Kevin Gold (Choice of Robots) has a new ancient-history-themed game out, Choice of Alexandria. I haven’t checked it out yet, but approve the theme.

Simon Christiansen’s wordplay puzzle IF PataNoir is now available on Steam, complete with an updated interface and illustrations.

Crowdfunding

Speaking of procedural text, Failbetter announced the first five games to be funded by Fundbetter, including Voyageur by IF author Bruno Dias. Voyageur goes deep into procedural text territory, with procgen descriptions of locations, governments, and cultures: something to watch for people who are into those sorts of topics. I’m excited to see what will come of this.

The Armchair Detective Company has an indiegogo campaign to make three mysteries with feelies-style evidence delivered in a box. These look like serious puzzle games — more so than, say, deliveries from the Mysterious Package Company.

Related Experiences

Amelia Granger writes about a sort of treasure hunt/interactive story experience at Disneyland, mediated by a special phone app.

Articles

Eric Kaltman has a long, detailed article about current challenges in game archiving and preservation.

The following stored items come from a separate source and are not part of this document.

Lemma dot_le_Rmax_outside_cone u1 u2 w v :
  dot u1 u1 = 1 -> dot u2 u2 = 1 -> dot w w = 1 ->
  in_cone u1 u2 w -> ~ in_cone u1 u2 v ->
  dot v w <= Rmax (dot v u1) (dot v u2).
Proof.
  intros U1 U2 Uw [la [mu [Hla [Hmu ->]]]] Hv.
  pose proof (dot_unit_bounds u1 u2 U1 U2) as Hk.
  set (k := dot u1 u2) in Hk.
  assert (Hunit : la * la + mu * mu + 2 * k * la * mu = 1).
  { rewrite <- Uw, !dot_paddl, !dot_paddr, !dot_pscalel, !dot_pscaler, U1, U2, (dot_comm u2 u1).
    fold k; ring. }
  destruct (Req_dec (det u1 u2) 0) as [D0|D0].
  - (* u2 = k u1 with k = 1 or -1, and then w is u1 or u2. *)
    pose proof (det_eq0_parallel u1 u2 U1 D0) as Hpar. fold k in Hpar.
    assert (Hk2 : k * k = 1).
    { rewrite Hpar, dot_pscalel, dot_pscaler, U1 in U2; lra. }
    set (P := la + mu * k).
    assert (HP2 : P * P = 1) by (unfold P; nra).
    rewrite Hpar, dot_paddr, !dot_pscaler.
    replace (la * dot v u1 + mu * (k * dot v u1)) with (P * dot v u1) by (unfold P; ring).
    destruct (Rle_lt_dec 0 P) as [HP|HP].
    + replace P with 1 by nra. rewrite Rmult_1_l. apply Rmax_l.
    + assert (k < 0) by (destruct (Rle_lt_dec 0 k); [unfold P in HP; nra | assumption]).
      replace P with k by nra. apply Rmax_r.
  - rewrite (cramer u1 u2 v D0) in Hv |- *.
    set (al := det v u2 / det u1 u2) in *. set (be := det u1 v / det u1 u2) in *.
    assert (Hneg : al < 0 \/ be < 0).
    { destruct (Rlt_or_le al 0), (Rlt_or_le be 0); auto.
      exfalso; apply Hv; exists al, be; auto. }
    rewrite !dot_paddl, !dot_paddr, !dot_pscalel, !dot_pscaler, U1, U2, (dot_comm u2 u1).
    fold k; rewrite !Rmult_1_r.
    assert (HP := cone_coeff_bounds k la mu Hk Hla Hmu Hunit).
    assert (HQ : k <= la * k + mu <= 1).
    { assert (Hunit' : mu * mu + la * la + 2 * k * mu * la = 1) by lra.
      pose proof (cone_coeff_bounds k mu la Hk Hmu Hla Hunit'); lra. }
    pose proof (cone_coeff_sum k la mu Hk Hla Hmu Hunit) as HPQ.
    eapply Rle_trans; [| apply (lincomb_le_Rmax k _ _ al be HP HQ HPQ Hneg)].
    right; ring.
Qed.

(* The support function of the arc of unit vectors in the cone spanned by u1 and u2
   (cone_support_ge_dot and cone_support_attained). *)
Definition cone_support (u1 u2 v : pt) : R :=
  if excluded_middle_informative (in_cone u1 u2 v) then norm v
  else Rmax (dot v u1) (dot v u2).

Section ConeSupport.

Variables u1 u2 : pt.
Hypotheses (U1 : dot u1 u1 = 1) (U2 : dot u2 u2 = 1).

Lemma cone_support_ge_dot v w :
  dot w w = 1 -> in_cone u1 u2 w -> dot v w <= cone_support u1 u2 v.
Proof.
  intros Uw Hw. unfold cone_support.
  destruct (excluded_middle_informative (in_cone u1 u2 v)) as [Hv|Hv].
  - exact (dot_unit_le v w Uw).
  - exact (dot_le_Rmax_outside_cone u1 u2 w v U1 U2 Uw Hw Hv).
Qed.

Lemma cone_support_attained v :
  exists w, dot w w = 1 /\ in_cone u1 u2 w /\ cone_support u1 u2 v = dot v w.
Proof.
  unfold cone_support.
  destruct (excluded_middle_informative (in_cone u1 u2 v)) as [Hv|Hv].
  - destruct (Req_dec (norm v) 0) as [N0|N0].
    + exists u1. split; [exact U1 | split; [apply in_cone_l |]].
      pose proof (Rabs_dot_le v u1) as H. rewrite N0, Rmult_0_l in H.
      rewrite N0. revert H; unfold Rabs; destruct Rcase_abs; lra.
    + assert (Hn : 0 < norm v) by (pose proof (norm_ge0 v); lra).
      exists (pscale (/ norm v) v).
      rewrite dot_pscalel, !dot_pscaler, <- norm_mul_norm.
      split; [field; lra | split; [| field; lra]].
      apply in_cone_pscale; [apply Rlt_le, Rinv_0_lt_compat, Hn | exact Hv].
  - apply Rmax_case.
    + exists u1. split; [exact U1 | split; [apply in_cone_l | reflexivity]].
    + exists u2. split; [exact U2 | split; [apply in_cone_r | reflexivity]].
Qed.

Lemma cone_support_lipschitz v v' :
  cone_support u1 u2 v <= cone_support u1 u2 v' + norm (psub v v').
Proof.
  destruct (cone_support_attained v) as [w [Uw [Hw ->]]].
  pose proof (cone_support_ge_dot v' w Uw Hw).
  pose proof (dot_unit_le (psub v v') w Uw) as H'.
  rewrite dot_psubl in H'. lra.
Qed.

End ConeSupport.

Lemma unit_dir_unit a b : b <> a -> dot (unit_dir a b) (unit_dir a b) = 1.
Proof.
  intro Hab. unfold unit_dir. rewrite dot_pscalel, dot_pscaler, <- norm_mul_norm.
  assert (norm (psub b a) <> 0).
  { intro N0. apply Hab.
    assert (H : dot (psub b a) (psub b a) = 0) by (rewrite <- norm_mul_norm, N0; ring).
    destruct a as [a1 a2], b as [b1 b2]; unfold dot, psub in H; simpl in H.
    pose proof (Rle_0_sqr (b1 - a1)); pose proof (Rle_0_sqr (b2 - a2)); unfold Rsqr in *.
    f_equal; nra. }
  field; assumption.
Qed.

Lemma norm_psub_proj_line a u x :
  dot u u = 1 -> norm (psub (proj_line a u x) a) = Rabs (dot (psub x a) u).
Proof.
  intro Hu. unfold norm, proj_line.
  replace (psub (padd a (pscale (dot (psub x a) u) u)) a) with (pscale (dot (psub x a) u) u)
    by (destruct a, u; unfold psub, padd, pscale; simpl; f_equal; ring).
  rewrite dot_pscalel, dot_pscaler, Hu, Rmult_1_r.
  apply sqrt_Rsqr_abs.
Qed.

Lemma R_in_iff a b c x :
  R_in a b c x <-> in_cone (unit_dir a b) (unit_dir a c) (psub x a).
Proof.
  assert (Hshift : forall w, x = padd a w <-> psub x a = w).
  { intro w. destruct x, a, w; unfold padd, psub; simpl.
    split; intro H; injection H as H1 H2; subst; f_equal; ring. }
  split; intros [la [mu [Hla [Hmu H]]]]; exists la, mu; repeat split; auto; apply Hshift; exact H.
Qed.

Lemma if_sign_abs (P : Prop) (D d : R) : (P <-> d < 0) ->
  (if excluded_middle_informative P then D - Rabs d else D + Rabs d) = D + d.
Proof.
  intro HP. destruct (excluded_middle_informative P) as [H|H].
  - rewrite Rabs_left by (apply HP, H). ring.
  - rewrite Rabs_right by (destruct (Rlt_or_le d 0); [exfalso; apply H, HP |]; lra). reflexivity.
Qed.

Lemma f_tri_eq V a b c s x : b <> a -> c <> a ->
  f_tri V a b c s x =
  geodist (polygon_region V) a s + cone_support (unit_dir a b) (unit_dir a c) (psub x a).
Proof.
  intros Hb Hc. pose proof (unit_dir_unit a b Hb) as U1. pose proof (unit_dir_unit a c Hc) as U2.
  unfold f_tri, xhat, cone_support.
  destruct (excluded_middle_informative (in_cone (unit_dir a b) (unit_dir a c) (psub x a)))
    as [Hin|Hout];
    destruct (excluded_middle_informative (R_in a b c x)) as [HR|HR];
    try (exfalso; apply HR || apply Hout; apply R_in_iff; assumption).
  - destruct (excluded_middle_informative _) as [[[[H _] _]|[[H _] _]]|_]; tauto.
  - destruct (excluded_middle_informative (in_L a b c x)) as [HL|HL].
    + rewrite norm_psub_proj_line by exact U1.
      rewrite if_sign_abs, Rmax_left; [reflexivity | apply Rge_le, HL |].
      unfold in_Ltop, in_Rtop, in_R.
      split; [intros [[_ H]|[[_ H] _]]; [exact H | exfalso; destruct HL; lra] |].
      intro H. left. split; assumption.
    + assert (HRR : in_R a b c x).
      { split; [exact HR |].
        destruct (Rlt_or_le (dot (psub x a) (unit_dir a b)) (dot (psub x a) (unit_dir a c)));
          [lra | exfalso; apply HL; split; [exact HR | lra]]. }
      rewrite norm_psub_proj_line by exact U2.
      rewrite if_sign_abs, Rmax_right; [reflexivity | destruct HRR; lra |].
      unfold in_Ltop, in_Rtop. split; [intros [[H _]|[_ H]]; [contradiction | exact H] |].
      intro H. right. split; assumption.
Qed.

Lemma f_tri_lipschitz V a b c s y z : b <> a -> c <> a ->
  f_tri V a b c s y <= f_tri V a b c s z + Defs.dist y z.
Proof.
  intros Hb Hc. rewrite !f_tri_eq by assumption.
  pose proof (cone_support_lipschitz _ _ (unit_dir_unit a b Hb) (unit_dir_unit a c Hc)
                (psub y a) (psub z a)) as H.
  replace (psub (psub y a) (psub z a)) with (psub y z) in H
    by (destruct y, z, a; unfold psub; simpl; f_equal; ring).
  unfold Defs.dist. lra.
Qed.

Lemma chord_sum_app g l1 y l2 :
  chord_sum g (l1 ++ y :: l2) = chord_sum g (l1 ++ [y]) + chord_sum g (y :: l2).
Proof.
  induction l1 as [|u0 [|u1 l1] IH]; simpl; [ring | ring |].
  simpl in IH. rewrite IH. ring.
Qed.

This is something that I think about from time to time, and not just because my games Bee and Blood & Laurels are currently unplayable. Historically the IF community has actually done really well on this front, archiving thousands of games on the IF Archive, but many of the things that represent strength and growth recently are also simultaneously challenges to archiving and preservation. More games are being created in more places, and on more different systems! They have a wider variety of user interfaces! This is a sign of a healthy ecosystem in a lot of ways, but it means that those materials may be more fragile, more likely to be lost. If Failbetter took down StoryNexus, what would happen to those games? If philome.la went down? inklewriter?

Not everything needs to be archived (in my view). Some things are intentionally ephemeral, and that’s a valid thing to do with your art. But I worry about the preservation fate of many projects that were meant to last but that are just stored in a precarious way.

Meanwhile, this article from Kirkus Reviews talks about the challenge of undermining assumptions of whiteness, and whether it’s useful to name the races of characters under discussion in books. We are much more likely to see “The protagonist is a young African-American boy” than “The protagonist is a young white boy,” and that fact speaks to our linguistic defaults.

3 thoughts on “Mid-June Link Assortment”

    1. For a long time in the U.S. (though largely before my time) it was common for white people to address black men as “boy.” This was incredibly insulting and disrespectful; Roland S. Martin has a piece on it, which mentions that this is part of the reason why the black sanitation workers on a strike led by Martin Luther King would wear signs saying “I am a man.”

      So “boy” has been used as a slur against black people but not against white people–that’s why “white boy” isn’t particularly charged compared to “black boy,” as I understand it.

      1. OK, that makes sense. But Ms Short doesn’t avoid the ‘boy’ as such: “The protagonist is a young African-American boy”. Maybe it is the combination with ‘black’ that gives ‘boy’ the negative connotation.
        I had also understood that ‘black’ in itself is to be avoided as an indicator of genetic heritage, whereas ‘white’ is (still) OK – but I see you use it (in “black people”), so I am probably wrong there.

        Getting a feeling for the ever-shifting landscape of euphemisms that take over the negative connotations of what they replace and then need replacement themselves is hard – especially in a foreign language.